4.3. Knee Joint Manipulation

Skyba et al. [47] investigated the effects of knee joint manipulation in rats on monoamine, opioid, and type A γ-aminobutyric acid (GABAA) receptors in the spinal cord. Knee manipulations employed consisted of the movement of the tibia on the fixed femur. For a duration of three minutes, the joint was flexed and extended across its full range of motion while the tibia was made to translate in the anteroposterior plane. One minute was allowed for rest between each of the three manipulation sessions. Using a model of capsaicin-induced hyperalgesia and the systematic introduction of GABAA, opioid, α2-adrenergic, 5-HT1/2, 5-HT1A, 5-HT2A, and 5-HT3 receptor inhibitors, the authors determined that the analgesic effects of knee joint manipulation were not impacted by the spinal blockade of opioid or GABAA receptors but were impacted by the blockade of 5-HT1A and α2-adrenergic receptors. It was therefore posited that descending inhibition following knee joint manipulation may be modulated by serotonergic and noradrenergic mechanisms. No attempt has been made to replicate these findings in humans.

5. Mobilization Therapies

5.1. Ankle Joint Mobilization

There is evidence to support that, in male, Swiss mice, ankle mobilization-induced analgesia is mediated by EO, endocannabinoidergic, and adenosinergic pathways [4850]. All of these investigations sought to establish the effect of ankle joint mobilization (AJM) on mechanical sensitivity in mice subjected to plantar incision (PI) surgery, for the purpose of inducing an algesic response.

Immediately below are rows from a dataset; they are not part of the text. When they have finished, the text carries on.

Lemma sorted_rcons_last (e : rel {set T}) A g :
  sorted e (rcons A g) = sorted e A && ((A == [::]) || e (last set0 A) g).
Proof. by case: A => [|h A] //=; rewrite rcons_path. Qed.

(* The cliques after [A] all commute with [c]; [c] joins the first of them, or
   forms a new last clique. *)
Lemma split_indep c cs : exists A B, [/\ cs = A ++ B, all (indep c) B &
  (A == [::]) || ~~ indep c (last set0 A)].
Proof.
elim/last_ind: cs => [|cs g [A [B [-> HB HA]]]]; first by exists [::], [::].
case: (boolP (indep c g)) => Hg.
  by exists A, (rcons B g); rewrite rcons_cat all_rcons Hg HB.
by exists (rcons (A ++ B) g), [::]; rewrite cats0 last_rcons Hg orbT.
Qed.

Lemma CFb_rcons A c : CFb A -> (A == [::]) || ~~ indep c (last set0 A) ->
  CFb (rcons A [set c]).
Proof.
case/andP => HA sA Hlast; rewrite /CFb -cats1 all_cat HA cats1 sorted_rcons_last sA /=.
have -> : cliqueb [set c] by apply/cliqueP => x y /set1P -> /set1P ->; rewrite eqxx.
have -> : [set c] != set0 by apply/set0Pn; exists c; rewrite set11.
case/orP: Hlast => [-> //|Hl]; rewrite orbC -[[set c]]setU0 arrowb_setU1r //.
by apply/forall_inP => b; rewrite inE.
Qed.

Lemma path_arrowb_setU1l c g B : path arrowb g B -> path arrowb (c |: g) B.
Proof. by case: B => [|h B] //= /andP [/(arrowb_setU1l c) -> ->]. Qed.

Lemma CFb_insert A g B c : CFb (A ++ g :: B) -> indep c g ->
  (A == [::]) || ~~ indep c (last set0 A) -> CFb (A ++ (c |: g) :: B).
Proof.
rewrite /CFb !all_cat /= !sorted_cat_cons !sorted_rcons_last.
case/and3P => /and3P [HA /andP [Hg _] HB] /andP [sA Hlast] pB Hc HAc.
rewrite HA HB cliqueb_setU1 // sA path_arrowb_setU1l //= !andbT.
have -> : c |: g != set0 by apply/set0Pn; exists c; rewrite setU11.
case/orP: HAc => [-> //|Hl]; case/orP: Hlast => [-> //|Hl'].
by rewrite arrowb_setU1r ?orbT.
Qed.

Lemma cliques_word_insert A g B c : cliqueb g -> indep c g -> all (indep c) B ->
  heq (cliques_word (A ++ g :: B) ++ [:: c]) (cliques_word (A ++ (c |: g) :: B)).
Proof.
move=> Hg Hc HB; rewrite !cliques_word_cat -catA; apply: heq_catl.
rewrite -[cliques_word (g :: B)]/(enum g ++ cliques_word B).
rewrite -[cliques_word (_ :: B)]/(enum (c |: g) ++ cliques_word B).
apply: heq_trans (_ : heq (enum g ++ c :: cliques_word B) _).
  rewrite -catA -{2}[cliques_word B]cats0.
  apply: heq_commute_seq => b /flatten_mapP [h hB]; rewrite mem_enum => bh.
  by rewrite HIsym; apply: indep_mem bh; apply: (allP HB).
have cg : c \notin g by apply: contraFN (HIirr c) => /(indep_mem Hc).
have mem_cg x : (x \in enum g ++ [:: c]) = (x \in c |: g).
  by rewrite mem_cat mem_enum inE in_setU1 orbC.
rewrite -cat1s catA; apply: heq_catr; apply: heq_perm_independent.
- by rewrite cat_uniq enum_uniq /= mem_enum (negbTE cg).
- apply: uniq_perm; rewrite ?cat_uniq ?enum_uniq /= ?mem_enum ?(negbTE cg) // => x.
  by rewrite mem_cg mem_enum.
- by move=> x y; rewrite !mem_cg; have /cliqueP := cliqueb_setU1 Hg Hc; apply.
Qed.

Lemma exists_CF w : exists cs, CFb cs /\ heq w (cliques_word cs).
Proof.
elim/last_ind: w => [|w c [cs [Hcs Hw]]]; first by exists [::]; split => //; apply: heq_refl.
have {}Hw : heq (rcons w c) (cliques_word cs ++ [:: c]) by rewrite -cats1; apply: heq_catr.
have [A [[|g B] [Ecs HB HA]]] := split_indep c cs; subst cs.
  exists (rcons A [set c]); rewrite cats0 in Hcs Hw; split; first exact: CFb_rcons.
  apply: heq_trans Hw _; rewrite -cats1 cliques_word_cat.
  by rewrite -[cliques_word [:: _]]/(enum [set c] ++ [::]) enum_set1; apply: heq_refl.
have /andP [/allP Hall _] := Hcs.
have /andP [Hg _] : cliqueb g && (g != set0) by apply: Hall; rewrite mem_cat mem_head orbT.
case/andP: HB => Hc HB.
exists (A ++ (c |: g) :: B); split; first exact: CFb_insert.
exact: heq_trans Hw (cliques_word_insert _ Hg Hc HB).
Qed.

End CartierFoata.


Definition compat {T : Type} (I : rel T) (u v : seq T) :=
  exists z1 z2, heq I (u ++ z1) (v ++ z2).

Lemma map_nth_iota {A : Type} (x0 : A) s k :
  map (nth x0 s) (iota 0 (size s + k)) = s ++ nseq k x0.
Proof.
rewrite iotaD map_cat; congr (_ ++ _); first exact: mkseq_nth.
apply: (@eq_from_nth _ x0) => [|i]; rewrite size_map size_iota ?size_nseq // => ltik.
by rewrite (nth_map 0) ?size_iota // nth_iota // nth_nseq ltik nth_default // leq_addr.
Qed.

(* A boundary element above both [u] and [v] has a common finite prefix above
   both, read off from Cartier-Foata decompositions of [u] and [v]. *)
Lemma upset_compat (T : finType) (I : rel T) : symmetric I -> irreflexive I ->
  forall u v (xi : Bnd I), upset I u xi -> upset I v xi -> compat I u v.
Proof.
move=> HIsym HIirr u v xi Hu Hv.
have [cu [Hcu Hhu]] := exists_CF HIsym HIirr u.
have [cv [Hcv Hhv]] := exists_CF HIsym HIirr v.
set n := size cu + size cv.
have prefix w cs : CFb I cs -> heq I w (cliques_word cs) -> size cs <= n ->
    upset I w xi -> exists z, heq I (cliques_word (map (sval xi) (iota 0 n))) (w ++ z).
  move=> Hc Hh Hs Hw; have [z] := Hw cs (CFb_CF Hc Hh) n.
  have -> : map (nth set0 cs) (iota 0 n) = cs ++ nseq (n - size cs) set0.
    by rewrite -{1}(subnKC Hs) map_nth_iota.
  rewrite cliques_word_cat cliques_word_nseq0 cats0 => Hz.
  by exists z; apply: heq_trans Hz _; apply/heq_catr/heq_sym.
have [z1 H1] := prefix u cu Hcu Hhu (leq_addr _ _) Hu.
have [z2 H2] := prefix v cv Hcv Hhv (leq_addl _ _) Hv.
by exists z1, z2; apply: heq_trans (heq_sym _ _ _ H1) H2.
Qed.

Section FiniteSums.
Local Open Scope R_scope.

Definition sumR {A : Type} (s : seq A) (f : A -> R) := foldr Rplus 0 (map f s).

Lemma sumR_cons {A : Type} (x : A) s f : sumR (x :: s) f = f x + sumR s f.
Proof. by []. Qed.

Lemma sumR_cat {A : Type} (s1 s2 : seq A) f :
  sumR (s1 ++ s2) f = sumR s1 f + sumR s2 f.
Proof. by elim: s1 => [|x s1 IH] /=; rewrite ?sumR_cons ?IH /sumR /=; ring. Qed.

Lemma sumR_allpairs {A B : Type} (s : seq A) (t : A -> seq B) f :
  sumR [seq (x, y) | x <- s, y <- t x] f = sumR s (fun x => sumR (t x) (fun y => f (x, y))).
Proof.
elim: s => [//|x s IH]; rewrite /= sumR_cat IH sumR_cons; congr (_ + _).
by rewrite /sumR -map_comp.
Qed.

Lemma sumR_le {A : eqType} (s : seq A) f g :
  (forall x, x \in s -> f x <= g x) -> sumR s f <= sumR s g.
Proof.
elim: s => [|x s IH] H; first exact: Rle_refl.
rewrite !sumR_cons; apply: Rplus_le_compat; first by apply: H; apply: mem_head.
by apply: IH => y ys; apply: H; rewrite inE ys orbT.
Qed.

Lemma eq_sumR {A : eqType} (s : seq A) f g :
  (forall x, x \in s -> f x = g x) -> sumR s f = sumR s g.
Proof.
elim: s => [//|x s IH] H; rewrite !sumR_cons H ?mem_head // IH // => y ys.
by apply: H; rewrite inE ys orbT.
Qed.

Lemma sumR_const {A : Type} (s : seq A) c : sumR s (fun _ => c) = INR (size s) * c.
Proof.
elim: s => [|x s IH]; first by rewrite /sumR /=; ring.
by rewrite sumR_cons IH -[size (x :: s)]/(size s).+1 S_INR; ring.
Qed.

Lemma sumR_mulr {A : Type} (s : seq A) f c :
  sumR s (fun x => f x * c) = sumR s f * c.
Proof. by elim: s => [|x s IH]; rewrite ?sumR_cons ?IH /sumR /=; ring. Qed.

Lemma sum_f_R0_nth l n : sum_f_R0 (fun k => nth 0 l k) n = sumR (take n.+1 l) id.
Proof.
elim: n => [|n IH]; first by case: l => [|y l]; rewrite /sumR /= ?take0 /= ?Rplus_0_r.
rewrite /= IH; case: (ltnP n.+1 (size l)) => Hn.
  by rewrite (take_nth 0 Hn) -cats1 sumR_cat /sumR /=; ring.
by rewrite nth_default // !take_oversize ?(leq_trans Hn) //; ring.
Qed.

Lemma infinite_sum_eventually s N S :
  (forall n, (N <= n)%N -> sum_f_R0 s n = S) -> infinite_sum s S.
Proof.
move=> HS eps Heps; exists N => n /leP Hn.
by rewrite HS // /Rdist Rminus_diag Rabs_R0.
Qed.

Lemma infinite_sum_const c : infinite_sum (fun _ => c) c -> c = 0.
Proof.
move=> H; case: (Req_dec c 0) => // Hc; exfalso.
have [N HN] := H _ (Rabs_pos_lt c Hc).
have := HN N.+1 (Nat.le_succ_diag_r N).
rewrite /Rdist sum_cte S_INR.
have -> : c * (INR N.+1 + 1) - c = INR N.+1 * c by ring.
rewrite Rabs_mult Rabs_right; last exact/Rle_ge/pos_INR.
have : 1 <= INR N.+1 by apply: (le_INR 1); apply/leP.
have := Rabs_pos c; nra.
Qed.

End FiniteSums.

Section BernoulliMeasure.
Variables (T : finType) (I : rel T).
Hypotheses (HIsym : symmetric I) (HIirr : irreflexive I).
Variable P : (Bnd I -> Prop) -> R.
Hypothesis HP : bernoulli I P.
Local Open Scope R_scope.

Lemma P_ext (A B : Bnd I -> Prop) : (forall xi, A xi <-> B xi) -> P A = P B.
Proof. by case: HP => [[H _] _]; apply: H. Qed.

Lemma P_ge0 A : measurable I A -> 0 <= P A.
Proof. by case: HP => [[_ [H _]] _]; apply: H. Qed.

Lemma P_True : P (fun _ => True) = 1.
Proof. by case: HP => [[_ [_ [H _]]] _]. Qed.

Lemma P_sigma_additive (A : nat -> Bnd I -> Prop) :
  (forall n, measurable I (A n)) ->
  (forall m n xi, m <> n -> A m xi -> A n xi -> False) ->
  infinite_sum (fun n => P (A n)) (P (fun xi => exists n, A n xi)).
Proof. by case: HP => [[_ [_ [_ H]]] _]; apply: H. Qed.

Lemma P_upset_cat x y : P (upset I (x ++ y)) = P (upset I x) * P (upset I y).
Proof. by case: HP => [_ [H _]]; apply: H. Qed.

Lemma P_upset_gt0 x : 0 < P (upset I x).
Proof. by case: HP => [_ [_ H]]; apply: H. Qed.

Lemma measurable_True : measurable I (fun _ => True).
Proof.
pose A n := if n is 0%N then upset I [::] else fun xi => ~ upset I [::] xi.
apply: (meas_ext I (fun xi => exists n, A n xi)).
  by apply: meas_union => -[|n]; [apply: meas_up | apply/meas_compl/meas_up].
by move=> xi; split => // _; case: (classic (upset I [::] xi)); [exists 0%N | exists 1%N].
Qed.

Lemma measurable_False : measurable I (fun _ => False).
Proof. by apply: (meas_ext I _ _ (meas_compl I _ measurable_True)) => xi; split. Qed.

AJM was carried out in a manner consistent with Maitland [51]; this involved the rhythmic flexion and extension of the ankle joint following fixation of the knee. The dosage regime of AJM employed is the same regime delineated by Skyba et al. [47], as discussed in the previous section. In the interest of succinctness, the convoluted methods of these investigations and some to follow will not be described in tremendous detail. Readers who are interested in study methodology are directed to each respective study. Each of the studies by Martins and others employed experimental, sham, and control groups. In order to examine the pathways by which analgesia occurred, Martins and others used the appropriate receptor antagonist; for example, naloxone, an opioid receptor antagonist, to determine the role of EO [48]. Mechanical sensitivity following AJM was assessed by measuring the frequency with which mice would withdraw the foot following the application of pressure to its ventral surface. The withdrawal frequency out of 10 pressure applications was taken as a percentage, which constituted each mouse’s resultant value.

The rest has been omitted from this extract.